Based on this assembly, how does the user-level system call wrapper differentiate successful returns from error returns, and how does it extract the error code? Refer to specific instructions (such as +48 for instruction <open64+48>).

6. Pipe experiments (13 points)

Recall that a pipe is represented by a pair of file descriptors, the read end and the write end, where data written to the write end can be read from the read end. The two ends are initially two file descriptors in a single process, but fork and dup2 can cause multiple processes to have access to the ends.

QUESTION 6A. When does reading from the read end of a pipe block?

QUESTION 6B. When does reading from the read end of a pipe return end-of-file (0)?

QUESTION 6C. When does writing to the write end of a pipe block?

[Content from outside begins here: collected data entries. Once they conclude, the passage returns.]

(* Let $\mathcal{A}$ be a finite set of positive integers, let $w \leqslant z$ be real numbers, let $0 < m_0 \leqslant 1$, and let $m_1, m_2, m_3, m_4$ be real numbers with $(m_1, m_2) \in \mathcal{U}$ and $(m_3, m_4) \in \mathcal{U}$. Writing $N^r_5 = \sum_{0 \leqslant i_1 < \cdots < i_r \leqslant 4} m_{i_1}\cdots m_{i_r}$ and $Q = m_0m_1m_2m_3m_4$, we have $$ S(\mathcal{A}, z) \geqslant S(\mathcal{A}, w) - \frac{N^4_5 - N^3_5 + N^2_5 - N^1_5 + 1}{Q} \sum_{w \leqslant p_1 < z} S(\mathcal{A}_{p_1}, w) + \frac{2(N^3_5 - 3N^2_5 + 7N^1_5 - 15)}{Q} \sum_{w \leqslant p_2 < p_1 < z} S(\mathcal{A}_{p_1p_2}, w) $$ $$ - \frac{6(N^2_5 - 6N^1_5 + 25)}{Q} \sum_{w \leqslant p_3 < p_2 < p_1 < z} S(\mathcal{A}_{p_1p_2p_3}, w) + \frac{24(N^1_5 - 10)}{Q} \sum_{w \leqslant p_4 < \cdots < p_1 < z} S(\mathcal{A}_{p_1p_2p_3p_4}, w) - \frac{120}{Q} \sum_{w \leqslant p_5 < \cdots < p_1 < z} S(\mathcal{A}_{p_1\cdots p_5}, w). $$
   Context: Throughout, $p, p_1, p_2, \dots$ denote prime numbers. For a finite set $\mathcal{A}$ of positive integers and a positive integer $d$, $\mathcal{A}_d = \{a : ad \in \mathcal{A}\}$. For real $z$, $S(\mathcal{A}, z)$ denotes the number of $a \in \mathcal{A}$ having no prime factor less than $z$. Let $T = (0,1] \cup [2,3] \cup [4,5] \cup \cdots$, i.e. $T$ is the union of $(0,1]$ and the intervals $[k-1,k]$ over all odd integers $k \geqslant 3$, and let $\mathcal{U} = \{(x_1, x_2) : x_1, x_2 \in T,\ |x_1 - x_2| \leqslant 1\}$. *)

From mathcomp Require Import all_boot all_order all_algebra.
From mathcomp Require Import reals.
Set Implicit Arguments. Unset Strict Implicit. Unset Printing Implicit Defensive.
Import Order.TTheory GRing.Theory Num.Theory.
Local Open Scope ring_scope.

(* A finite set of positive integers is represented by a duplicate-free
   sequence A of positive naturals. *)

Definition Asub (A : seq nat) (d : nat) : seq nat :=
  [seq (a %/ d)%N | a <- A & (d %| a)%N].

Definition Ssieve (R : realType) (A : seq nat) (z : R) : nat :=
  count (fun a => all (fun p => ~~ (prime p && (p%:R < z)) || ~~ (p %| a)%N)
                      (iota 0 a.+1)) A.

Definition primes_in (R : realType) (w z : R) : seq nat :=
  [seq p <- iota 0 (Num.truncn z).+1 | prime p && (w <= p%:R) && (p%:R < z)].

Definition inT (R : realType) (x : R) : Prop :=
  (0 < x <= 1) \/ exists k : nat, [/\ odd k, (3 <= k)%N & (k.-1)%:R <= x <= k%:R].

Definition inU (R : realType) (x1 x2 : R) : Prop :=
  inT x1 /\ inT x2 /\ `|x1 - x2| <= 1.

Definition Nsym (R : realType) (ms : seq R) (r : nat) : R :=
  \sum_(I : {set 'I_(size ms)} | #|I| == r) \prod_(i in I) ms`_i.
Lemma gs_bound_le t l : 0 < t -> gs_bound t l <= coef_const l * (1 + / t ^ l).
Proof.
rewrite /coef_const => ht; have := gs_boundE l ht.
have -> : 2 + 2 / t = 2 * (1 + / t) by rewrite /Rdiv; ring.
rewrite Rpow_mult_distr => h.
have h4 : (4 : R) ^ l = 2 ^ l * 2 ^ l by rewrite -Rpow_mult_distr; congr (_ ^ _); ring.
have hp2 : 0 < 2 ^ l by apply: pow_lt; lra.
have hti : 0 < / t ^ l by apply: Rinv_0_lt_compat; apply: pow_lt.
have hit := Rinv_0_lt_compat t ht.
have key : (1 + / t) ^ l <= 2 ^ l * (1 + / t ^ l).
  case: (Rle_lt_dec 1 t) => h1.
    have : (1 + / t) ^ l <= 2 ^ l.
      apply: pow_incr; split; first lra.
      have : / t <= 1 by rewrite -Rinv_1; apply: Rinv_le_contravar; lra.
      lra.
    nra.
  have : (1 + / t) ^ l <= (2 * / t) ^ l.
    apply: pow_incr; split; first lra.
    have : 1 <= / t by rewrite -Rinv_1; apply: Rinv_le_contravar; lra.
    lra.
  rewrite Rpow_mult_distr pow_inv; nra.
rewrite h4; nra.
Qed.

Section SeparatedFamily.
Context {p : nat}.
Variables (s : nat -> Vec p) (m : nat) (t : R).
Hypothesis Ht : 0 < t.
Hypothesis Hnz : forall i, (i <= m)%N -> s i <> vzero.
Hypothesis Hd : forall i, (1 <= i <= m)%N ->
  dist2 (s i) (aff s i.-1) >= t * \big[Rmax/0]_(i <= j < m.+1) norm2 (s j).

Lemma dist_ge i j : (1 <= i <= m)%N -> (i <= j <= m)%N ->
  t * norm2 (s j) <= dist2 (s i) (aff s i.-1).
Proof.
move=> hi /andP [hij hjm].
have : norm2 (s j) <= \big[Rmax/0]_(i <= j < m.+1) norm2 (s j).
  by apply: (@bigmax_ge _ _ (fun j => norm2 (s j))); rewrite mem_index_iota hij ltnS.
have := Hd hi; nra.
Qed.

QUESTION 6D. Elizabeth Bishop has written a test program to investigate writing to pipes. Here’s her program. It writes bytes to a pipe one at a time; after each byte, it overwrites the file info.txt with the number of bytes written so far.

// program `bishop22`
#include <cstdio>
#include <cassert>
#include <unistd.h>

void writesize(size_t n) {
    FILE* f = fopen("info.txt", "w");
    fprintf(f, "%zu\n", n);
    fclose(f);
}

int main() {
    size_t n = 0;
    writesize(n);
    while (true) {
        ssize_t nw = write(STDOUT_FILENO, ".", 1);
        assert(nw == 1);
        ++n;
        writesize(n);
    }
}

She tests this program by running ./bishop22 | sleep 2000. After about 20 seconds, she hits Control-C, killing both programs in the pipeline. What will she see in info.txt, and/or what is the meaning of that value?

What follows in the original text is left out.